Lord Frost has previous insisted that negotiations must happen annually, although he has suggested a framework for quotas could be separate. 

Speaking to reporters yesterday, Mr Johnson  said the two sides were in sight of a deal. ‘I’ve always been a great enthusiast for a trade deal with our European friends and partners,’ he said.

‘I think it’s there to be done, the broad outlines are pretty clear.’

UK sources have dismissed speculation in Brussels that they have been dragging their heel in talks to see who won the US election. 

The EU’s chief Brexit negotiator Michel Barnier arrived in London last night ahead of five days of ‘intensive’ talks with his British counterpart David Frost. 

There were claims today that Mr Barnier believes a good Brexit deal is necessary because of the terror threat in Europe. 

In private meetings with Brussels officials last week, he said he feels ‘a weight of responsibility on my shoulders’ to find a good agreement because of economic fallout from the Covid-19 pandemic, according to The Sun.  

Negotiators have been working to a ‘final’ deadline of November 15 but sources last night said that talks could continue beyond this for ‘a few days’ if a deal is close.

It comes as peers prepare to vote down controversial parts of the Government’s Internal Market Bill, which override last year’s Brexit deal relating to Northern Ireland, in the Lords tonight.

If this happens ministers will ask MPs to reinstate them in the hope peers will then back down.
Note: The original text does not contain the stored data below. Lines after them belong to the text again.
(* The computation of the paper: [- dG/dx = P_t / 2 + (alpha / 2) Q] once the equations
   of (S) are substituted. *)
Lemma flux_derivative_identity alpha c u v ub vb ut vt :
  c <> 0 -> ub <> 0 -> vb <> 0 -> 1 + u + v <> 0 -> 1 + ub + vb <> 0 ->
  - (2 * c * (vb * ((u - ub) / ub) * ut + ub * ((v - vb) / vb) * vt) / 2
     + alpha / 2 * (c * Jform ((u - ub) / ub) ((v - vb) / vb) u v ub vb
                    / ((1 + u + v) * (1 + ub + vb))))
  = let U := c * u in let Ub := c * ub in let V := c * v in let Vb := c * vb in
    let dU := alpha * v / (1 + u + v) - u - ut in
    let dV := vt - (alpha * u / (1 + u + v) - v) in
    let dUb := alpha * vb / (1 + ub + vb) - ub in
    let dVb := - (alpha * ub / (1 + ub + vb) - vb) in
    / 2 * ((dVb * Ub - Vb * dUb) / Ub ^ 2 * (U - Ub) ^ 2 + 2 * (Vb / Ub) * (U - Ub) * (dU - dUb)
           - ((dUb * Vb - Ub * dVb) / Vb ^ 2 * (V - Vb) ^ 2
              + 2 * (Ub / Vb) * (V - Vb) * (dV - dVb))).
Proof. intros. unfold Jform. cbv zeta. field. repeat split; auto. Qed.

Section System.

Variables (bc : BC) (alpha T : R) (c ub vb dub dvb : R -> R).
Variables (u v ux vx ut vt Fu Fv : R -> R -> R).
Hypothesis Hc : cont01 c.
Hypothesis Hcpos : forall x, I01 x -> c x > 0.
Hypothesis Hdub : has_deriv01 ub dub.
Hypothesis Hdvb : has_deriv01 vb dvb.
Hypothesis Hsu : has_deriv01 (fun x => c x * ub x)
  (fun x => alpha * vb x / (1 + ub x + vb x) - ub x).
Hypothesis Hsv : has_deriv01 (fun x => c x * vb x)
  (fun x => - (alpha * ub x / (1 + ub x + vb x) - vb x)).
Hypothesis Hux : pdx T u ux.
Hypothesis Hvx : pdx T v vx.
Hypothesis Hut : pdt T u ut.
Hypothesis Hvt : pdt T v vt.
Hypothesis Hcu : cont2 T u.
Hypothesis Hcv : cont2 T v.
Hypothesis Hcut : cont2 T ut.
Hypothesis Hcvt : cont2 T vt.
Hypothesis HFu : pdx T (fun x t => c x * u x t) Fu.
Hypothesis HFv : pdx T (fun x t => c x * v x t) Fv.
Hypothesis Heq : forall x t, Dom T x t ->
  ut x t + Fu x t = alpha * v x t / (1 + u x t + v x t) - u x t /\
  vt x t - Fv x t = alpha * u x t / (1 + u x t + v x t) - v x t.
Hypothesis Hnonneg : forall x t, Dom T x t -> 0 <= u x t /\ 0 <= v x t.
Hypothesis Hbc : bc_hyp bc T c ub vb u v.

Let Hub : cont01 ub := deriv01_cont01 ub dub Hdub.
Let Hvb : cont01 vb := deriv01_cont01 vb dvb Hdvb.
Let I01_0 : I01 0 := conj (Rle_refl 0) Rle_0_1.
Let I01_1 : I01 1 := conj Rle_0_1 (Rle_refl 1).

Lemma bc_cases : (bc = PBC /\ bc_hyp PBC T c ub vb u v) \/ (bc = DBC /\ bc_hyp DBC T c ub vb u v).
Proof. pose proof Hbc as HB. destruct bc; [left|right]; split; auto. Qed.

Lemma dbc_hyp : bc = DBC -> bc_hyp DBC T c ub vb u v.
Proof. intros E. rewrite <- E. exact Hbc. Qed.

(* The (DBC) bounds [m <= ub x / x], [m <= vb x / (1 - x)] extend to [[0,1]] via the slopes. *)
Lemma dbc_slopes_lower : bc = DBC -> exists m, 0 < m /\
  forall x, I01 x -> m <= slope ub 0 (dub 0) x /\ m <= - slope vb 1 (dvb 1) x.
Proof.
  intros E. destruct (dbc_hyp E) as [Hu0 [Hv1 [[m [M [Hm [_ Hb]]]] _]]].
  exists m; split; [exact Hm|]. intros x Hx. split.
  - apply (cont01_lower_bound (slope ub 0 (dub 0))); [exact Hx|apply (slope_cont01 ub dub); auto|].
    intros y Hy. rewrite slope_eq, Hu0, !Rminus_0_r by lra. apply Hb, Hy.
  - apply (cont01_lower_bound (fun y => - slope vb 1 (dvb 1) y)); [exact Hx| |].
    + apply cont01_opp, (slope_cont01 vb dvb); auto.
    + intros y Hy. rewrite slope_eq, Hv1 by lra.
      replace (- ((vb y - 0) / (y - 1))) with (vb y / (1 - y)) by (field; lra). apply Hb, Hy.
Qed.

Lemma ub_pos_cases x : I01 x -> 0 < ub x \/ (bc = DBC /\ x = 0 /\ ub x = 0).
Proof.
  intros Hx. destruct bc_cases as [[_ [_ [_ [_ [Hpos _]]]]]|[E [Hu0 _]]].
  - left. apply Hpos, Hx.
  - destruct (Req_dec x 0) as [->|Hx0]; [right; auto|left].
    destruct (dbc_slopes_lower E) as [m [Hm Hs]].
    assert (H := proj1 (Hs x Hx)). rewrite slope_eq, Hu0, !Rminus_0_r in H by exact Hx0.
    replace (ub x) with (x * (ub x / x)) by (field; exact Hx0).
    unfold I01 in Hx. apply Rmult_lt_0_compat; lra.
Qed.

Lemma vb_pos_cases x : I01 x -> 0 < vb x \/ (bc = DBC /\ x = 1 /\ vb x = 0).
Proof.
  intros Hx. destruct bc_cases as [[_ [_ [_ [_ [Hpos _]]]]]|[E [_ [Hv1 _]]]].
  - left. apply Hpos, Hx.
  - destruct (Req_dec x 1) as [->|Hx1]; [right; auto|left].
    destruct (dbc_slopes_lower E) as [m [Hm Hs]].
    assert (H := proj2 (Hs x Hx)). rewrite slope_eq, Hv1, Rminus_0_r in H by exact Hx1.
    replace (vb x) with ((1 - x) * - (vb x / (x - 1))) by (field; lra).
    unfold I01 in Hx. apply Rmult_lt_0_compat; lra.
Qed.

Lemma ub_nonneg x : I01 x -> 0 <= ub x.
Proof. intros Hx. destruct (ub_pos_cases x Hx) as [H|[_ [_ H]]]; lra. Qed.

Lemma vb_nonneg x : I01 x -> 0 <= vb x.
Proof. intros Hx. destruct (vb_pos_cases x Hx) as [H|[_ [_ H]]]; lra. Qed.

Lemma dbc_rel_dev_bound : bc = DBC -> exists B, forall y s, Dom T y s ->
  (y < 1 -> Rabs ((u y s - ub y) / ub y) <= B) /\ (0 < y -> Rabs ((v y s - vb y) / vb y) <= B).
Proof.
  intros E. destruct (dbc_hyp E) as [Hu0 [Hv1 [[m [M [Hm [_ Hb]]]] [_ [K HK]]]]].
  exists (Rabs K / m + 1). intros y s HD.
  assert (HB : 0 <= Rabs K / m + 1) by (pose proof (Rabs_pos K); apply Rplus_le_le_0_compat;
    [apply Rdiv_le_0_compat|]; lra).
  destruct (HK y s HD) as [HK1 HK2]. destruct (Hnonneg y s HD) as [Hn1 Hn2].
  destruct HD as [Hy _]. unfold I01 in Hy.
  split; intros Hy'.
  - destruct (Req_dec y 0) as [->|Hy0].
    + rewrite Hu0, Rdiv_0_r, Rabs_R0. exact HB.
    + apply Rabs_rel_dev_le with y; try lra. apply Hb; lra.
  - destruct (Req_dec y 1) as [->|Hy1].
    + rewrite Hv1, Rdiv_0_r, Rabs_R0. exact HB.
    + apply Rabs_rel_dev_le with (1 - y); try lra. apply Hb; lra.
Qed.

Lemma dbc_ut_0 : bc = DBC -> forall s, 0 < s < T -> ut 0 s = 0.
Proof.
  intros E s Hs. destruct (dbc_hyp E) as [_ [_ [_ [Hz _]]]].
  apply (derive_zero_on (fun s => u 0 s) 0 T s); [exact Hs| |intros; apply Hz; auto].
  apply is_derive_Reals, Hut. split; [exact I01_0|exact Hs].
Qed.

Lemma dbc_vt_1 : bc = DBC -> forall s, 0 < s < T -> vt 1 s = 0.
Proof.
  intros E s Hs. destruct (dbc_hyp E) as [_ [_ [_ [Hz _]]]].
  apply (derive_zero_on (fun s => v 1 s) 0 T s); [exact Hs| |intros; apply Hz; auto].
  apply is_derive_Reals, Hvt. split; [exact I01_1|exact Hs].
Qed.

Lemma reldev_prod_u_continuity k a b :
  cont2 T k -> (bc = DBC -> forall s, 0 < s < T -> k 0 s = 0) -> 0 < a -> a <= b -> b < T ->
  forall s x, continuity_2d_pt (extend2 a b (reldev_prod vb ub u k)) s x.
Proof.
  intros Hk Hk0 Ha Hab Hb. apply (continuity_2d_pt_reldev_prod T); auto.
  intros x Hx Hz. destruct (ub_pos_cases x Hx) as [Hp|[E [-> _]]]; [lra|].
  split; [apply Hk0, E|].
  destruct (dbc_rel_dev_bound E) as [B HB]. exists B. intros y s HD Hy.
  apply (HB y s HD). apply Rabs_def2 in Hy. lra.
Qed.

Lemma reldev_prod_v_continuity k a b :
  cont2 T k -> (bc = DBC -> forall s, 0 < s < T -> k 1 s = 0) -> 0 < a -> a <= b -> b < T ->
  forall s x, continuity_2d_pt (extend2 a b (reldev_prod ub vb v k)) s x.
Proof.
  intros Hk Hk0 Ha Hab Hb. apply (continuity_2d_pt_reldev_prod T); auto.
  intros x Hx Hz. destruct (vb_pos_cases x Hx) as [Hp|[E [-> _]]]; [lra|].
  split; [apply Hk0, E|].
  destruct (dbc_rel_dev_bound E) as [B HB]. exists B. intros y s HD Hy.
  apply (HB y s HD). apply Rabs_def2 in Hy. lra.
Qed.

Definition du x s := u x s - ub x.
Definition dv x s := v x s - vb x.

Definition dens x s := Hdens (c x) (ub x) (vb x) (u x s) (v x s).
Definition dens_t x s := 2 * c x * (reldev_prod vb ub u ut x s + reldev_prod ub vb v vt x s).
Definition flux x s := c x ^ 2 / 2 * (reldev_prod vb ub u du x s - reldev_prod ub vb v dv x s).
Definition dissip x s := c x * Jfun (u x s) (v x s) (ub x) (vb x)
  / ((1 + u x s + v x s) * (1 + ub x + vb x)).

Lemma dens_reldev_prod x s :
  dens x s = c x * (reldev_prod vb ub u du x s + reldev_prod ub vb v dv x s).
Proof. unfold dens, Hdens, reldev_prod, du, dv, Rdiv. ring. Qed.

Lemma dens_is_derive_t x s : Dom T x s -> is_derive (fun s => dens x s) s (dens_t x s).
Proof.
  intros HD. assert (HDu := proj2 (is_derive_Reals _ _ _) (Hut x s HD)).
  assert (HDv := proj2 (is_derive_Reals _ _ _) (Hvt x s HD)).
  unfold dens, Hdens. auto_derive; [repeat split; eexists; eassumption|].
  replace (Derive (fun s => u x s) s) with (ut x s) by (symmetry; apply is_derive_unique, HDu).
  replace (Derive (fun s => v x s) s) with (vt x s) by (symmetry; apply is_derive_unique, HDv).
  unfold dens_t, reldev_prod, Rdiv. ring.
Qed.

Lemma cont2_du : cont2 T du.
Proof. apply cont2_minus_cont01; assumption. Qed.

Lemma cont2_dv : cont2 T dv.
Proof. apply cont2_minus_cont01; assumption. Qed.

Lemma dbc_du_0 : bc = DBC -> forall s, 0 < s < T -> du 0 s = 0.
Proof.
  intros E s Hs. destruct (dbc_hyp E) as [Hu0 [_ [_ [Hz _]]]].
  unfold du. rewrite Hu0, (proj1 (Hz s Hs)). ring.
Qed.

Lemma dbc_dv_1 : bc = DBC -> forall s, 0 < s < T -> dv 1 s = 0.
Proof.
  intros E s Hs. destruct (dbc_hyp E) as [_ [Hv1 [_ [Hz _]]]].
  unfold dv. rewrite Hv1, (proj2 (Hz s Hs)). ring.
Qed.

Section Window.
Variables a b : R.
Hypothesis Hab : 0 < a <= b /\ b < T.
The Lords could continue to reject them, using their power to delay legislation for a year, which could spark a major constitutional row.
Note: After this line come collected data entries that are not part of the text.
(* If the degree-4 vertices of an M2-maximal tree did not induce a connected
   subgraph, the tree path between two of them, prolonged until it leaves the
   degree-4 vertices for good, would contain a subpath a b ... c d with
   deg a = deg c = 4 > deg b, deg d.  Trading the edges ab, cd for ac, bd gives
   a tree with the same degrees, hence in the same class: in a tree every
   vertex of degree <> 2 starts one segment per incident edge, so twice the
   number of segments is the sum of the degrees different from 2.  The trade
   raises M2 by (deg a - deg d) (deg c - deg b) > 0.  Finally a connected
   induced subgraph of a tree is a tree, as a subforest on A has fewer than
   #|A| edges. *)

Lemma split_first_exit (T : Type) (P : pred T) x s : P x -> ~~ all P (x :: s) ->
  exists s1 y z s2, [/\ x :: s = s1 ++ y :: z :: s2, P y & ~~ P z].
Proof.
elim: s x => [|y s IH] x Px /=; first by rewrite Px.
rewrite Px /=; case: (boolP (P y)) => Py not_all; last by exists [::], x, y, s.
have := IH y Py; rewrite /= Py => /(_ not_all) [s1 [y' [z [s2 [-> Py' Pz]]]]].
by exists (x :: s1), y', z, s2.
Qed.

Lemma path_head_rcons (T : Type) (e : rel T) x q b : path e x (rcons q b) -> e x (head b q).
Proof. by case: q => [|y q] /= /andP[]. Qed.

Lemma head_rcons (T : Type) (x b : T) q : head x (rcons q b) = head b q.
Proof. by case: q. Qed.

Lemma mem_head_rcons (T : eqType) q (b : T) : head b q \in rcons q b.
Proof. by rewrite headI mem_head. Qed.

Section Graphs.
Variable n : nat.
Implicit Types (g : rel 'I_n) (A B : {set 'I_n}) (x y z u v : 'I_n).

Definition induced g A : rel 'I_n := fun x y => [&& x \in A, y \in A & g x y].

Lemma connect_inducedT g : connect (induced g [set: 'I_n]) =2 connect g.
Proof. by apply: eq_connect => x y; rewrite /induced !in_setT. Qed.

(* [edges_in] represents the edge {x, y} by [upair x y]. *)
Definition upair x y := if (x < y)%N then (x, y) else (y, x).

Lemma upairC x y : upair x y = upair y x.
Proof. by rewrite /upair; case: ltngtP => // /val_inj->. Qed.

Lemma eq_upair u v x y :
  (upair u v == upair x y) = (u == x) && (v == y) || (u == y) && (v == x).
Proof.
rewrite /upair; case: ltngtP => uv; case: ltngtP => xy; rewrite xpair_eqE.
all: by rewrite -!val_eqE; do !case: eqP => //= ?; lia.
Qed.

Lemma upair_lt x y : (x < y)%N -> upair x y = (x, y).
Proof. by rewrite /upair => ->. Qed.

Lemma upair_ltn x y : x != y -> ((upair x y).1 < (upair x y).2)%N.
Proof. by rewrite /upair -val_eqE; case: (ltngtP x y). Qed.

Lemma upair_mul (f : 'I_n -> nat) x y : f (upair x y).1 * f (upair x y).2 = f x * f y.
Proof. by rewrite /upair; case: ifP => //= _; rewrite mulnC. Qed.

Lemma upair_edges_in g A x y : symmetric g -> x \in A -> y \in A -> x != y ->
  (upair x y \in edges_in g A) = g x y.
Proof.
move=> sg xA yA; rewrite /upair inE; case: ltngtP => [xy|yx|/val_inj->] /=.
- by rewrite xA yA xy.
- by rewrite xA yA yx sg.
- by rewrite eqxx.
Qed.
The provisions have also been criticised by US President-elect Joe Biden, who has warned that any move to undermine the peace process could also jeopardise hopes of a US-UK trade deal. 

But Mr Johnson last night denied reports the Government is on the brink of dropping the measures, which are designed to prevent the creation of a trade border down the Irish Sea in the event of there being no deal with the EU.
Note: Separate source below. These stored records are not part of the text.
(* Since c_i^2 exceeds w0' Q_i w0, no term of the TLS objective is truncated at w0, so w0
   minimises w' A w on the sphere, A = sum_i Q_i: it is an eigenvector of A for
   mu = lambda_min A = sum_i w0' Q_i w0.  In the orthonormal frame [V0, w0], A is block
   diagonal with blocks V0' A V0 and mu, hence lambda_min2 A = lambda_min (V0' A V0) = zeta mu.
   The certificate S_i = V0 T_i V0' then sums to V0 (V0' A V0 - mu) V0' = A - mu I.  It is
   psd because the share (V0' A V0) / (zeta (l - 1)) alone dominates the shift mu / l.
   Writing v = V0 u + s w0, the quadratic form of S_i + c_i^2 I - Q_i is bounded below by
   alpha |u|^2 + beta s^2: the cross term is absorbed by ||Q_i w0|| (|u|^2 + s^2), and
   alpha, beta > 0 are the two margins encoded in the hypothesis on c_i^2. *)

Lemma char_poly_similar (F : comUnitRingType) n (P P' B : 'M[F]_n) :
  P' *m P = 1%:M -> char_poly (P' *m B *m P) = char_poly B.
Proof.
move=> P'P; rewrite /char_poly /char_poly_mx.
set mP := map_mx polyC P; set mP' := map_mx polyC P'.
have mP'P : mP' *m mP = 1%:M by rewrite -map_mxM P'P map_mx1.
have mPP' : mP *m mP' = 1%:M by apply: mulmx1C.
have conjX : ('X%:M : 'M_n) = mP' *m 'X%:M *m mP.
  by rewrite -mulmxA -scalar_mxC mulmxA mP'P mul1mx.
rewrite {1}conjX !map_mxM -/mP -/mP' -mulmxBl -mulmxBr !det_mulmx mulrC mulrA.
by rewrite -det_mulmx mPP' det1 mul1r.
Qed.

Section SortedExtrema.
Variables (disp : Order.disp_t) (T : porderType disp) (x0 : T).
Implicit Types (s : seq T) (x : T).

Lemma sorted_head_le s x : sorted <=%O s -> x \in s -> (nth x0 s 0 <= x)%O.
Proof.
move=> s_sorted xs; rewrite -(nth_index x0 xs).
by apply: (sorted_leq_nth le_trans lexx) => //; rewrite inE ?index_mem //; case: s xs {s_sorted}.
Qed.

Lemma sorted_le_last s x : sorted <=%O s -> x \in s -> (x <= last x0 s)%O.
Proof.
move=> s_sorted xs; rewrite -(nth_index x0 xs) -nth_last.
have s_gt0 : (0 < size s)%N by case: s xs {s_sorted}.
apply: (sorted_leq_nth le_trans lexx) => //; rewrite ?inE ?index_mem ?prednK //.
by rewrite -ltnS prednK // index_mem.
Qed.

End SortedExtrema.

Section QuadraticForms.
Variable R : realType.
Implicit Types (n : nat).

Definition bform n (A : 'M[R]_n) (u v : 'cV[R]_n) : R := (u^T *m A *m v) 0 0.

Lemma qfD n (A B : 'M[R]_n) v : qf (A + B) v = qf A v + qf B v.
Proof. by rewrite /qf mulmxDr mulmxDl mxE. Qed.

Lemma qfZ n (A : 'M[R]_n) a v : qf (a *: A) v = a * qf A v.
Proof. by rewrite /qf -scalemxAr -scalemxAl mxE. Qed.

Lemma qfN n (A : 'M[R]_n) v : qf (- A) v = - qf A v.
Proof. by rewrite -scaleN1r qfZ mulN1r. Qed.

Lemma qfB n (A B : 'M[R]_n) v : qf (A - B) v = qf A v - qf B v.
Proof. by rewrite qfD qfN. Qed.

Lemma qf0 n (v : 'cV[R]_n) : qf 0 v = 0.
Proof. by rewrite /qf mulmx0 mul0mx mxE. Qed.

Lemma qf_sum n I (r : seq I) (P : pred I) (F : I -> 'M[R]_n) v :
  qf (\sum_(i <- r | P i) F i) v = \sum_(i <- r | P i) qf (F i) v.
Proof. by elim/big_rec2: _ => [|i x y _ <-]; rewrite ?qf0 ?qfD. Qed.

Lemma qf1 n (v : 'cV[R]_n) : qf 1%:M v = sqnorm v.
Proof. by rewrite /qf mulmx1 /sqnorm mxE; apply: eq_bigr => i _; rewrite mxE expr2. Qed.

Lemma qf_mulmx m n (A : 'M[R]_n) (M : 'M[R]_(n, m)) u :
  qf (M^T *m A *m M) u = qf A (M *m u).
Proof. by rewrite /qf trmx_mul !mulmxA. Qed.

Lemma qf_scale n (A : 'M[R]_n) a v : qf A (a *: v) = a ^+ 2 * qf A v.
Proof. by rewrite /qf [(a *: v)^T]linearZ -!scalemxAl -scalemxAr !mxE mulrA -expr2. Qed.

Lemma bformZl n (A : 'M[R]_n) a u v : bform A (a *: u) v = a * bform A u v.
Proof. by rewrite /bform [(a *: u)^T]linearZ -!scalemxAl mxE. Qed.

Lemma bformZr n (A : 'M[R]_n) a u v : bform A u (a *: v) = a * bform A u v.
Proof. by rewrite /bform -scalemxAr mxE. Qed.

Lemma qf_add n (A : 'M[R]_n) u v : sym_mx A ->
  qf A (u + v) = qf A u + 2 * bform A u v + qf A v.
Proof.
move=> symA; have bformC : v^T *m A *m u = u^T *m A *m v.
  by rewrite [LHS]mx11_scalar -tr_scalar_mx -mx11_scalar !trmx_mul trmxK symA mulmxA.
rewrite /qf /bform [(u + v)^T]linearD !mulmxDl !mulmxDr bformC !mxE; ring.
Qed.

Lemma sqnorm_ge0 n (v : 'cV[R]_n) : 0 <= sqnorm v.
Proof. by apply: sumr_ge0 => i _; rewrite sqr_ge0. Qed.

Lemma sqnorm_eq0 n (v : 'cV[R]_n) : (sqnorm v == 0) = (v == 0).
Proof.
apply/idP/eqP => [|->]; last by rewrite /sqnorm big1 // => i _; rewrite mxE expr0n.
rewrite psumr_eq0 => [/allP v0|i _]; last by rewrite sqr_ge0.
apply/matrixP => i j; rewrite (ord1 j) mxE; apply/eqP.
by rewrite -sqrf_eq0; apply: (implyP (v0 i (mem_index_enum _))).
Qed.

Lemma sqnorm_gt0 n (v : 'cV[R]_n) : (0 < sqnorm v) = (v != 0).
Proof. by rewrite lt_def sqnorm_ge0 sqnorm_eq0 andbT. Qed.

Lemma sphere_qf_ge n (A : 'M[R]_n) c :
  (forall w, unit_sphere w -> c <= qf A w) -> forall v, c * sqnorm v <= qf A v.
Proof.
move=> Asph v; have [->|v0] := eqVneq v 0.
  by rewrite -qf1 /qf !mulmx0 !mxE mulr0.
have nv_gt0 : 0 < sqnorm v by rewrite sqnorm_gt0.
set r := Num.sqrt (sqnorm v); have r_gt0 : 0 < r by rewrite sqrtr_gt0.
have r2 : r ^+ 2 = sqnorm v by rewrite sqr_sqrtr ?ltW.
have := Asph (r^-1 *: v); rewrite qf_scale exprVn r2 ler_pdivlMl // mulrC; apply.
by rewrite /unit_sphere -qf1 qf_scale qf1 exprVn r2 mulVf ?gt_eqF.
Qed.

Lemma psd_qf_eq0 n (A : 'M[R]_n) w : psd A -> qf A w = 0 -> A *m w = 0.
Proof.
move=> [symA A_ge0] Aw0; set u := A *m w; apply/eqP; rewrite -sqnorm_eq0.
have bform_uw : bform A u w = sqnorm u by rewrite -qf1 /qf /bform mulmx1 -mulmxA.
set b := sqnorm u; set c := qf A u.
have b_ge0 : 0 <= b := sqnorm_ge0 u; have c_ge0 : 0 <= c := A_ge0 u.
(* the quadratic form at -b u + (c + 1) w equals -b^2 (c + 2) *)
have := A_ge0 ((- b) *: u + (c + 1) *: w).
rewrite qf_add // !qf_scale bformZl bformZr bform_uw Aw0 -/b -/c => h.
by rewrite eq_le b_ge0 andbT; nra.
Qed.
Asked if the legislation would go ahead as planned, Mr Johnson said: ‘Yes… the parliamentary timetable goes ahead. The whole point of that Bill and indeed the Finance Bill is to protect and uphold the Good Friday Agreement and the peace process in Northern Ireland.

‘And again, that’s one of the things that we’re united on with our friends in the White House.’

Mr Eustice confirmed today that the Government will reinstate the controversial clauses if they are stripped out by the Lords.

He told Sky News: ‘We will. The UK Internal Market Bill is not about undermining the Belfast Agreement, it’s about standing behind it, making sure that it works and looking after the interests of Northern Ireland, making sure the peace and stability that’s been hard-won there can carry on.

‘The limited number of areas where we took a power subject to Parliament agreeing it, to be able to create legal clarity and legal certainty should there be areas of the joint-committee process in our negotiations with the EU, if there are areas that can’t be agreed, we’ve got to provide that legal certainty and clarity.’

Ministers acknowledged that the Government will have to persuade Mr Biden, who has Irish heritage, that the legislation is necessary if trade talks with the EU collapse.

Foreign Secretary Dominic Raab told the BBC’s Andrew Marr show: ‘I’m confident we will navigate all of those issues sensitively and correctly.’ Mr Johnson said yesterday that there was a ‘good chance’ of a trade deal with the US and progress had already been made.

Sources in the Biden camp suggested the issue would not be an immediate priority for the president.